■ What you have to do: The output should be all entries, each matching the original exactly.

╭─ Material for the task

(* If an adversary $\mathcal{A}$ is knot opaque, then there is no deterministic algorithm that solves the Knot Identification Problem on every computation of $\mathcal{A}$.
   Context: A network consists of finitely many processes with unique identifiers. A state is a set of directed links between processes; a computation $\sigma=s_1,s_2,\dots$ is an infinite sequence of states; an adversary is a set of allowed computations. Causal precedence among events (local steps of processes and occurrences of links in states; a link's presence in each state is a separate event) is the smallest transitive relation such that $e_1$ precedes $e_2$ if both occur at the same process with $e_1$ earlier, or if there is a link from $p_1$ to $p_2$ with $e_1$ at $p_1$ before the link and $e_2$ at $p_2$ after it. The local observation graph $LG(p,\sigma,i)$ is the graph of all links (with endpoints) causally preceding the events at $p$ in state $s_i$. Two computations $\sigma_1,\sigma_2$ are observation graph identical for $p$ up to $s_i$ if $LG(p,\sigma_1,i)=LG(p,\sigma_2,i)$. Algorithms are deterministic: if $\sigma_1,\sigma_2$ are observation graph identical for $p$ up to $s_i$, all outputs of $p$ up to $s_i$ coincide in both. A knot of a directed graph is a set of at least two processes inducing a strongly connected subgraph with no incoming links from outside. Process $p$ observes knot $K$ in $\sigma$ if $K$ is a knot contained in $LG(p,\sigma,i)$ for some $i$; $K$ is globally observable if every process observes it. A process may output only a knot it has observed. An adversary $\mathcal{A}$ is knot opaque if there exist a process $p$ and a computation $\sigma_1\in\mathcal{A}$ such that for every state $s_i$ of $\sigma_1$ and every knot $K$ observed by $p$ in states up to $s_i$, there is a computation $\sigma_2\in\mathcal{A}$ observation graph identical to $\sigma_1$ for $p$ up to $s_i$ in which $K$ is not globally observable. Knot Identification Problem: each process outputs a set of processes forming a knot in the computation, such that (KI Agreement) if one process outputs $K$ then every process's output is $K$, and (KI Termination) every process outputs a knot. *)

From mathcomp Require Import all_boot.
From Stdlib Require Import Relations.Relation_Operators.
Set Implicit Arguments. Unset Strict Implicit. Unset Printing Implicit Defensive.

Section Network.
Variable P : finType.   (* finitely many processes, identified by their ids *)

(* A state is a set of directed links (q, r) from q to r. *)
Definition state := {set P * P}.
Definition computation := nat -> state.
Definition adversary := computation -> Prop.

(* Events: local step of process p in state s_i, or the occurrence of the
   link (q, r) in state s_j. *)
Inductive event :=
| PEv (p : P) (i : nat)
| LEv (q r : P) (j : nat).

Inductive cstep (s : computation) : event -> event -> Prop :=
| cs_local p i i' : i < i' -> cstep s (PEv p i) (PEv p i')
| cs_send q r i j : (q, r) \in s j -> i < j -> cstep s (PEv q i) (LEv q r j)
| cs_recv q r j i : (q, r) \in s j -> j <= i -> cstep s (LEv q r j) (PEv r i).

Definition causal (s : computation) : event -> event -> Prop :=
  clos_trans event (cstep s).

Definition LG (p : P) (s : computation) (i : nat) : P -> P -> Prop :=
  fun q r => exists j, (q, r) \in s j /\ causal s (LEv q r j) (PEv p i).

Definition obs_identical (p : P) (s1 s2 : computation) (i : nat) : Prop :=
  forall q r, LG p s1 i q r <-> LG p s2 i q r.

Definition knot (E : P -> P -> Prop) (K : {set P}) : Prop :=
  [/\ 2 <= #|K|,
      (forall x y, x \in K -> y \in K ->
         clos_refl_trans P (fun a b => [/\ a \in K, b \in K & E a b]) x y)
    & (forall x y, E x y -> y \in K -> x \in K)].

Definition observes_upto (p : P) (s : computation) (i : nat) (K : {set P}) :=
  exists i', i' <= i /\ knot (LG p s i') K.

Definition observes (p : P) (s : computation) (K : {set P}) :=
  exists i, knot (LG p s i) K.

Definition globally_observable (s : computation) (K : {set P}) :=
  forall q, observes q s K.

Definition knot_opaque (A : adversary) : Prop :=
  exists p (s1 : computation), A s1 /\
    forall i (K : {set P}), observes_upto p s1 i K ->
      exists s2, A s2 /\ obs_identical p s1 s2 i /\ ~ globally_observable s2 K.

(* An algorithm is described by its output behaviour:
   alg p s i = Some K  iff  process p outputs K in state s_i of s. *)
Definition algorithm := P -> computation -> nat -> option {set P}.

Definition outputs (alg : algorithm) (p : P) (s : computation) (K : {set P}) :=
  exists i, alg p s i = Some K.

Definition deterministic (alg : algorithm) : Prop :=
  forall p s1 s2 i, obs_identical p s1 s2 i ->
    forall i', i' <= i -> alg p s1 i' = alg p s2 i'.

Definition outputs_observed (alg : algorithm) : Prop :=
  forall p s i K, alg p s i = Some K -> observes_upto p s i K.

Definition KI_agreement (alg : algorithm) (s : computation) : Prop :=
  forall p K, outputs alg p s K -> forall q K', outputs alg q s K' -> K' = K.

Definition KI_termination (alg : algorithm) (s : computation) : Prop :=
  forall p, exists K, outputs alg p s K /\ observes p s K.

Definition solves_KI (A : adversary) (alg : algorithm) : Prop :=
  forall s, A s -> KI_agreement alg s /\ KI_termination alg s.

End Network.

From mathcomp Require Import all_boot.

Set Implicit Arguments.
Unset Strict Implicit.
Unset Printing Implicit Defensive.

(* Let p and s1 witness opacity. On s1 the algorithm makes p output some knot
   K in a state s_i, and p has observed K by then. Opacity yields a computation
   s2 that p cannot tell apart from s1 up to s_i, in which K is not globally
   observable. By determinism p outputs K in s2 as well; agreement and
   termination on s2 then force every process to observe K in s2. *)

Section KnotIdentification.

Variables (P : finType) (alg : algorithm P).

Lemma deterministic_output (p : P) (s1 s2 : computation P) i (K : {set P}) :
  deterministic alg -> obs_identical p s1 s2 i ->
  alg p s1 i = Some K -> alg p s2 i = Some K.
Proof. by move=> det id12 <-; rewrite (det _ _ _ _ id12 i (leqnn i)). Qed.

Lemma output_globally_observable (s : computation P) (p : P) (K : {set P}) :
  KI_agreement alg s -> KI_termination alg s ->
  outputs alg p s K -> globally_observable s K.
Proof.
move=> agree term outK q.
have [K' [outK' obsK']] := term q.
by rewrite -(agree p K outK q K' outK').
Qed.

End KnotIdentification.

Theorem lemma1 (P : finType) (A : adversary P) :
  knot_opaque A ->
  ~ (exists alg : algorithm P,
        deterministic alg /\ outputs_observed alg /\ solves_KI A alg).
Proof.
move=> [p [s1 [As1 opaque]]] [alg [det [observed solves]]].
have [K [[i outK] _]] := (solves s1 As1).2 p.
have [s2 [As2 [id12 not_global]]] := opaque i K (observed _ _ _ _ outK).
have [agree term] := solves s2 As2.
have outK2 : outputs alg p s2 K by exists i; apply: deterministic_output outK.
exact: not_global (output_globally_observable agree term outK2).
Qed.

╰─

■ Exercise result:
(* If an adversary $\mathcal{A}$ is knot opaque, then there is no deterministic algorithm that solves the Knot Identification Problem on every computation of $\mathcal{A}$.
   Context: A network consists of finitely many processes with unique identifiers. A state is a set of directed links between processes; a computation $\sigma=s_1,s_2,\dots$ is an infinite sequence of states; an adversary is a set of allowed computations. Causal precedence among events (local steps of processes and occurrences of links in states; a link's presence in each state is a separate event) is the smallest transitive relation such that $e_1$ precedes $e_2$ if both occur at the same process with $e_1$ earlier, or if there is a link from $p_1$ to $p_2$ with $e_1$ at $p_1$ before the link and $e_2$ at $p_2$ after it. The local observation graph $LG(p,\sigma,i)$ is the graph of all links (with endpoints) causally preceding the events at $p$ in state $s_i$. Two computations $\sigma_1,\sigma_2$ are observation graph identical for $p$ up to $s_i$ if $LG(p,\sigma_1,i)=LG(p,\sigma_2,i)$. Algorithms are deterministic: if $\sigma_1,\sigma_2$ are observation graph identical for $p$ up to $s_i$, all outputs of $p$ up to $s_i$ coincide in both. A knot of a directed graph is a set of at least two processes inducing a strongly connected subgraph with no incoming links from outside. Process $p$ observes knot $K$ in $\sigma$ if $K$ is a knot contained in $LG(p,\sigma,i)$ for some $i$; $K$ is globally observable if every process observes it. A process may output only a knot it has observed. An adversary $\mathcal{A}$ is knot opaque if there exist a process $p$ and a computation $\sigma_1\in\mathcal{A}$ such that for every state $s_i$ of $\sigma_1$ and every knot $K$ observed by $p$ in states up to $s_i$, there is a computation $\sigma_2\in\mathcal{A}$ observation graph identical to $\sigma_1$ for $p$ up to $s_i$ in which $K$ is not globally observable. Knot Identification Problem: each process outputs a set of processes forming a knot in the computation, such that (KI Agreement) if one process outputs $K$ then every process's output is $K$, and (KI Termination) every process outputs a knot. *)

From mathcomp Require Import all_boot.
From Stdlib Require Import Relations.Relation_Operators.
Set Implicit Arguments. Unset Strict Implicit. Unset Printing Implicit Defensive.

Section Network.
Variable P : finType.   (* finitely many processes, identified by their ids *)

(* A state is a set of directed links (q, r) from q to r. *)
Definition state := {set P * P}.
Definition computation := nat -> state.
Definition adversary := computation -> Prop.

(* Events: local step of process p in state s_i, or the occurrence of the
   link (q, r) in state s_j. *)
Inductive event :=
| PEv (p : P) (i : nat)
| LEv (q r : P) (j : nat).

Inductive cstep (s : computation) : event -> event -> Prop :=
| cs_local p i i' : i < i' -> cstep s (PEv p i) (PEv p i')
| cs_send q r i j : (q, r) \in s j -> i < j -> cstep s (PEv q i) (LEv q r j)
| cs_recv q r j i : (q, r) \in s j -> j <= i -> cstep s (LEv q r j) (PEv r i).

Definition causal (s : computation) : event -> event -> Prop :=
  clos_trans event (cstep s).

Definition LG (p : P) (s : computation) (i : nat) : P -> P -> Prop :=
  fun q r => exists j, (q, r) \in s j /\ causal s (LEv q r j) (PEv p i).

Definition obs_identical (p : P) (s1 s2 : computation) (i : nat) : Prop :=
  forall q r, LG p s1 i q r <-> LG p s2 i q r.

Definition knot (E : P -> P -> Prop) (K : {set P}) : Prop :=
  [/\ 2 <= #|K|,
      (forall x y, x \in K -> y \in K ->
         clos_refl_trans P (fun a b => [/\ a \in K, b \in K & E a b]) x y)
    & (forall x y, E x y -> y \in K -> x \in K)].

Definition observes_upto (p : P) (s : computation) (i : nat) (K : {set P}) :=
  exists i', i' <= i /\ knot (LG p s i') K.

Definition observes (p : P) (s : computation) (K : {set P}) :=
  exists i, knot (LG p s i) K.

Definition globally_observable (s : computation) (K : {set P}) :=
  forall q, observes q s K.

Definition knot_opaque (A : adversary) : Prop :=
  exists p (s1 : computation), A s1 /\
    forall i (K : {set P}), observes_upto p s1 i K ->
      exists s2, A s2 /\ obs_identical p s1 s2 i /\ ~ globally_observable s2 K.

(* An algorithm is described by its output behaviour:
   alg p s i = Some K  iff  process p outputs K in state s_i of s. *)
Definition algorithm := P -> computation -> nat -> option {set P}.

Definition outputs (alg : algorithm) (p : P) (s : computation) (K : {set P}) :=
  exists i, alg p s i = Some K.

Definition deterministic (alg : algorithm) : Prop :=
  forall p s1 s2 i, obs_identical p s1 s2 i ->
    forall i', i' <= i -> alg p s1 i' = alg p s2 i'.

Definition outputs_observed (alg : algorithm) : Prop :=
  forall p s i K, alg p s i = Some K -> observes_upto p s i K.

Definition KI_agreement (alg : algorithm) (s : computation) : Prop :=
  forall p K, outputs alg p s K -> forall q K', outputs alg q s K' -> K' = K.

Definition KI_termination (alg : algorithm) (s : computation) : Prop :=
  forall p, exists K, outputs alg p s K /\ observes p s K.

Definition solves_KI (A : adversary) (alg : algorithm) : Prop :=
  forall s, A s -> KI_agreement alg s /\ KI_termination alg s.

End Network.

From mathcomp Require Import all_boot.

Set Implicit Arguments.
Unset Strict Implicit.
Unset Printing Implicit Defensive.

(* Let p and s1 witness opacity. On s1 the algorithm makes p output some knot
   K in a state s_i, and p has observed K by then. Opacity yields a computation
   s2 that p cannot tell apart from s1 up to s_i, in which K is not globally
   observable. By determinism p outputs K in s2 as well; agreement and
   termination on s2 then force every process to observe K in s2. *)

Section KnotIdentification.

Variables (P : finType) (alg : algorithm P).

Lemma deterministic_output (p : P) (s1 s2 : computation P) i (K : {set P}) :
  deterministic alg -> obs_identical p s1 s2 i ->
  alg p s1 i = Some K -> alg p s2 i = Some K.
Proof. by move=> det id12 <-; rewrite (det _ _ _ _ id12 i (leqnn i)). Qed.

Lemma output_globally_observable (s : computation P) (p : P) (K : {set P}) :
  KI_agreement alg s -> KI_termination alg s ->
  outputs alg p s K -> globally_observable s K.
Proof.
move=> agree term outK q.
have [K' [outK' obsK']] := term q.
by rewrite -(agree p K outK q K' outK').
Qed.

End KnotIdentification.

Theorem lemma1 (P : finType) (A : adversary P) :
  knot_opaque A ->
  ~ (exists alg : algorithm P,
        deterministic alg /\ outputs_observed alg /\ solves_KI A alg).
Proof.
move=> [p [s1 [As1 opaque]]] [alg [det [observed solves]]].
have [K [[i outK] _]] := (solves s1 As1).2 p.
have [s2 [As2 [id12 not_global]]] := opaque i K (observed _ _ _ _ outK).
have [agree term] := solves s2 As2.
have outK2 : outputs alg p s2 K by exists i; apply: deterministic_output outK.
exact: not_global (output_globally_observable agree term outK2).
Qed.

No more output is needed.